Each of the entries below needs to be given again exactly.

**Records drawn from a dataset:**
######

Lemma vsubTP x : vsubT_spec x.
Proof.
have [xv|xv] := eqVneq (val x) v; first by apply: VsubT_v; apply: val_inj.
have xV' : val x \in V' by rewrite !inE.
by apply: (VsubT_rest (y := exist _ (val x) xV')); apply: val_inj.
Qed.

Definition restrictv (c : {ffun vsub V -> 'I_k}) : {ffun vsub V' -> 'I_k} :=
  [ffun y => c (vsub_incl y)].

Definition extendv (c : {ffun vsub V' -> 'I_k}) (a : 'I_k) : {ffun vsub V -> 'I_k} :=
  [ffun x => if insub (val x) is Some y then c y else a].

Lemma extendv_v c a : extendv c a (vsubT v) = a.
Proof. by rewrite ffunE insubN // !inE negbK. Qed.

Lemma extendv_rest c a (y : vsub V') : extendv c a (vsub_incl y) = c y.
Proof. by rewrite ffunE valK. Qed.

Lemma restrictv_extendv c a : restrictv (extendv c a) = c.
Proof. by apply/ffunP => y; rewrite ffunE extendv_rest. Qed.

Lemma restrictv_inj c d :
  restrictv c = restrictv d -> c (vsubT v) = d (vsubT v) -> c = d.
Proof.
move=> /ffunP cd cd_v; apply/ffunP => x.
case: (vsubTP x) => [|y] ->; first exact: cd_v.
by have := cd y; rewrite !ffunE.
Qed.

Lemma restrictv_proper c : Defs.proper e c -> Defs.proper e (restrictv c).
Proof.
move=> /forallP c_proper; apply/forallP => x; apply/forallP => y; rewrite !ffunE.
exact: (forallP (c_proper (vsub_incl x)) (vsub_incl y)).
Qed.

Lemma extendv_proper c a : Defs.proper e c ->
  (forall y : vsub V', e v (val y) -> c y != a) -> Defs.proper e (extendv c a).
Proof.
move=> /forallP c_proper a_free; apply/forallP => x; apply/forallP => y.
apply/implyP; case: (vsubTP x) => [|x'] ->; case: (vsubTP y) => [|y'] -> /=.
- by rewrite e_irr.
- by rewrite extendv_v extendv_rest eq_sym; apply: a_free.
- by rewrite extendv_v extendv_rest e_sym; apply: a_free.
- by rewrite !extendv_rest; apply/implyP/(forallP (c_proper x')).
Qed.

Definition restrict_colouring (s : colouring e k V) : colouring e k V' :=
  exist _ (restrictv (val s)) (restrictv_proper (valP s)).

Local Notation rc := restrict_colouring.

Definition colour_v (s : colouring e k V) : 'I_k := val s (vsubT v).
Local Notation Nv' := [set y : vsub V' | e v (val y)].

Lemma colouring_restrict_inj (s t : colouring e k V) :
  rc s = rc t -> colour_v s = colour_v t -> s = t.
Proof. by move=> /(congr1 val) st st_v; apply/val_inj/restrictv_inj. Qed.

Lemma card_neighbours' : #|Nv'| = #|[set x | e v x]|.
Proof.
rewrite -(card_imset _ val_inj); apply: eq_card => x; rewrite inE.
apply/imsetP/idP => [[y]|vx]; first by rewrite inE => ? ->.
have xV' : x \in V' by rewrite !inE; apply: contraTneq vx => ->; rewrite e_irr.
by exists (exist _ x xV'); rewrite ?inE.
Qed.

Hypothesis Nv_clique : forall x y, e v x -> e v y -> x != y -> e x y.

Lemma card_neighbour_colours (s' : colouring e k V') :
  #|[set val s' y | y in Nv']| = #|[set x | e v x]|.
Proof.
rewrite card_in_imset ?card_neighbours' // => y z; rewrite !inE => vy vz yz.
apply/val_inj/eqP/negPn/negP => y_neq_z.
by have := forallP (forallP (valP s') y) z; rewrite Nv_clique // yz eqxx.
Qed.

Lemma fibre_colours (s' : colouring e k V') :
  [set colour_v s | s in [pred s : colouring e k V | rc s == s']] =
  ~: [set val s' y | y in Nv'].
Proof.
apply/setP => a; rewrite inE; apply/imsetP/idP => [[s /eqP <- ->]|a_free].
  apply/imsetP => -[y]; rewrite inE /= ffunE => vy /eqP; apply/negP.
  by have /forallP/(_ (vsub_incl y)) := forallP (valP s) (vsubT v); rewrite vy.
have c_proper : Defs.proper e (extendv (val s') a).
  apply: extendv_proper (valP s') _ => y vy; apply: contra a_free => /eqP <-.
  by apply/imsetP; exists y; rewrite ?inE.
exists (exist _ (extendv (val s') a) c_proper); last by rewrite /colour_v /= extendv_v.
by rewrite inE; apply/eqP/val_inj; rewrite /= restrictv_extendv.
Qed.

######

**ANSWER BOX:**
Lemma vsubTP x : vsubT_spec x.
Proof.
have [xv|xv] := eqVneq (val x) v; first by apply: VsubT_v; apply: val_inj.
have xV' : val x \in V' by rewrite !inE.
by apply: (VsubT_rest (y := exist _ (val x) xV')); apply: val_inj.
Qed.

Definition restrictv (c : {ffun vsub V -> 'I_k}) : {ffun vsub V' -> 'I_k} :=
  [ffun y => c (vsub_incl y)].

Definition extendv (c : {ffun vsub V' -> 'I_k}) (a : 'I_k) : {ffun vsub V -> 'I_k} :=
  [ffun x => if insub (val x) is Some y then c y else a].

Lemma extendv_v c a : extendv c a (vsubT v) = a.
Proof. by rewrite ffunE insubN // !inE negbK. Qed.

Lemma extendv_rest c a (y : vsub V') : extendv c a (vsub_incl y) = c y.
Proof. by rewrite ffunE valK. Qed.

Lemma restrictv_extendv c a : restrictv (extendv c a) = c.
Proof. by apply/ffunP => y; rewrite ffunE extendv_rest. Qed.

Lemma restrictv_inj c d :
  restrictv c = restrictv d -> c (vsubT v) = d (vsubT v) -> c = d.
Proof.
move=> /ffunP cd cd_v; apply/ffunP => x.
case: (vsubTP x) => [|y] ->; first exact: cd_v.
by have := cd y; rewrite !ffunE.
Qed.

Lemma restrictv_proper c : Defs.proper e c -> Defs.proper e (restrictv c).
Proof.
move=> /forallP c_proper; apply/forallP => x; apply/forallP => y; rewrite !ffunE.
exact: (forallP (c_proper (vsub_incl x)) (vsub_incl y)).
Qed.

Lemma extendv_proper c a : Defs.proper e c ->
  (forall y : vsub V', e v (val y) -> c y != a) -> Defs.proper e (extendv c a).
Proof.
move=> /forallP c_proper a_free; apply/forallP => x; apply/forallP => y.
apply/implyP; case: (vsubTP x) => [|x'] ->; case: (vsubTP y) => [|y'] -> /=.
- by rewrite e_irr.
- by rewrite extendv_v extendv_rest eq_sym; apply: a_free.
- by rewrite extendv_v extendv_rest e_sym; apply: a_free.
- by rewrite !extendv_rest; apply/implyP/(forallP (c_proper x')).
Qed.

Definition restrict_colouring (s : colouring e k V) : colouring e k V' :=
  exist _ (restrictv (val s)) (restrictv_proper (valP s)).

Local Notation rc := restrict_colouring.

Definition colour_v (s : colouring e k V) : 'I_k := val s (vsubT v).
Local Notation Nv' := [set y : vsub V' | e v (val y)].

Lemma colouring_restrict_inj (s t : colouring e k V) :
  rc s = rc t -> colour_v s = colour_v t -> s = t.
Proof. by move=> /(congr1 val) st st_v; apply/val_inj/restrictv_inj. Qed.

Lemma card_neighbours' : #|Nv'| = #|[set x | e v x]|.
Proof.
rewrite -(card_imset _ val_inj); apply: eq_card => x; rewrite inE.
apply/imsetP/idP => [[y]|vx]; first by rewrite inE => ? ->.
have xV' : x \in V' by rewrite !inE; apply: contraTneq vx => ->; rewrite e_irr.
by exists (exist _ x xV'); rewrite ?inE.
Qed.

Hypothesis Nv_clique : forall x y, e v x -> e v y -> x != y -> e x y.

Lemma card_neighbour_colours (s' : colouring e k V') :
  #|[set val s' y | y in Nv']| = #|[set x | e v x]|.
Proof.
rewrite card_in_imset ?card_neighbours' // => y z; rewrite !inE => vy vz yz.
apply/val_inj/eqP/negPn/negP => y_neq_z.
by have := forallP (forallP (valP s') y) z; rewrite Nv_clique // yz eqxx.
Qed.

Lemma fibre_colours (s' : colouring e k V') :
  [set colour_v s | s in [pred s : colouring e k V | rc s == s']] =
  ~: [set val s' y | y in Nv'].
Proof.
apply/setP => a; rewrite inE; apply/imsetP/idP => [[s /eqP <- ->]|a_free].
  apply/imsetP => -[y]; rewrite inE /= ffunE => vy /eqP; apply/negP.
  by have /forallP/(_ (vsub_incl y)) := forallP (valP s) (vsubT v); rewrite vy.
have c_proper : Defs.proper e (extendv (val s') a).
  apply: extendv_proper (valP s') _ => y vy; apply: contra a_free => /eqP <-.
  by apply/imsetP; exists y; rewrite ?inE.
exists (exist _ (extendv (val s') a) c_proper); last by rewrite /colour_v /= extendv_v.
by rewrite inE; apply/eqP/val_inj; rewrite /= restrictv_extendv.
Qed.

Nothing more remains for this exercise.